А потом я ходила к Муне в больницу, когда та свихнулась от всего, что у нас увидела, утирала слезы Лили, когда та обнаружила, что на демонстрацию у нас загоняют силой, отпаивала валерьянкой девушку-смуглянку из Судана, когда ее назвали в такси «черномазой». Им было еще трудней, чем нам, мы-то пытались свести концы с концами, видя противоречия, а зарубежные коммунисты были воспитаны на том, что Советский Союз – это рай земной, готовое царство справедливости. Очень удобная учебная модель. Нет, мы не были «борцами за правду» – есть такой диагноз в психиатрии. Мы были мечтатели и пересмешники. Маршируя возле обкомов партии, скандировали: «Да здравствует наука, технический прогресс и мудрая политика ЦК КПСС!» Ни один милиционер не мог к нам придраться. Пересмешники, но не циники, как те, другие, которые были наверху в ЦК и которым я поначалу, работая уже в редакции, старалась верить. Но и там циниками были не все. Среди них у меня до сих пор осталось много друзей – таких же «подпольщиков» в комсомоле и партии, какими были мы, коммунары. Иван Иванович Зюзюкин, известный детский писатель и публицист, на недавнем праздновании юбилея «Комсомолки» сказал, что мне надо было бы родиться лет на десять-пятнадцать позже, – тогда я была бы аббатисой какой-нибудь обители, потому что всегда во что-нибудь верила – например, в коммунизм, в Бога... Я ответила, что вряд ли, потому что курю. А он пошутил, что тогда бы и курить в монастырях разрешили...

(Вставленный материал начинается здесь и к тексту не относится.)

(* Consider the honeycomb lattice with Bravais lattice vectors $\bm a_1,\bm a_2$ and sites $A(\bm R),B(\bm R)$ for $\bm R\in\mathbb Z\bm a_1+\mathbb Z\bm a_2$, with nearest-neighbour bonds $A(\bm R)$–$B(\bm R)$ of type $c$, $A(\bm R)$–$B(\bm R-\bm a_1)$ of type $a$, and $A(\bm R)$–$B(\bm R-\bm a_2)$ of type $b$. Assign to every bond $\langle ij\rangle$ of type $\alpha$ the link matrix $U_{ij}=U_{ji}=U^\alpha$, where $$U^a=\tau^y\otimes I_2,\quad U^b=-\tau^x\otimes\sigma^z,\quad U^c=-\tau^x\otimes\sigma^y,$$ with $\tau^{x,y,z},\sigma^{x,y,z}$ Pauli matrices. Then (i) for every elementary hexagon $p$, the ordered product of the link matrices around $p$ equals $-I_4$; and (ii) for any finite flake $\Lambda$ of this lattice (a finite union of closed hexagonal plaquettes whose cycle space is generated by the hexagon boundaries) admitting a Hamiltonian path, there exist unitary $4\times4$ matrices $g_j$ and signs $\eta_{ij}=\eta_{ji}\in\{+1,-1\}$ such that $g_iU_{ij}g_j^\dagger=\eta_{ij}I_4$ for every bond of $\Lambda$ and $\prod_{\langle ij\rangle\in p}\eta_{ij}=-1$ for every hexagon $p$ of $\Lambda$. Consequently the Hubbard model $$H=-\frac{t}{\sqrt3}\sum_{\langle ij\rangle}\psi_i^\dagger U_{ij}\psi_j+h.c.+\frac U2\sum_j\psi_j^\dagger\psi_j(\psi_j^\dagger\psi_j-1)$$ on $\Lambda$ (with $\psi_j$ four-component fermionic spinors) is unitarily equivalent, via $\psi_j\to g_j\psi_j$, to the $\pi$-flux Hubbard model $-\frac{t}{\sqrt3}\sum_{\langle ij\rangle}\eta_{ij}\psi_i^\dagger\psi_j+h.c.+\frac U2\sum_j\psi_j^\dagger\psi_j(\psi_j^\dagger\psi_j-1)$, which has a global $\mathrm{SU}(4)$ symmetry.
   Context: $t,U$ are real. The Pauli matrices $\boldsymbol\tau$ act on the first and $\boldsymbol\sigma$ on the second tensor factor of $\mathbb C^2\otimes\mathbb C^2$. With the given bond assignment, each hexagon's bonds have types $c,a,b,c,a,b$ in cyclic order. This model arises as the $J_{\mathrm{eff}}=3/2$ description of $d^1$ ions (e.g. Zr$^{3+}$ in $\alpha$-ZrCl$_3$) on a honeycomb lattice of edge-sharing octahedra. *)

(* Complex scalars: algC (algebraic complex numbers, a
   numClosedFieldType); all Pauli-matrix entries lie in algC. *)
From HB Require Import structures.
From mathcomp Require Import all_boot all_order all_algebra algC.
From mathcomp Require Import spectral mxtens.
Set Implicit Arguments. Unset Strict Implicit. Unset Printing Implicit Defensive.
Import Order.TTheory GRing.Theory Num.Theory.
Local Open Scope ring_scope.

Так что если коммунизм – это безумие, то госпитализировать надо очень многих, причем не только анпиловских «ряженых» с мегафонами на площадях, не озлобленную деклассированную массу, а тихих, но упрямых романтиков, большинство из которых раскаялось в своем отходе от Бога, в своих попытках самолично, своими руками превратить планету в цветущий сад.
Это был «бред реформаторства» и «сверхценных идей».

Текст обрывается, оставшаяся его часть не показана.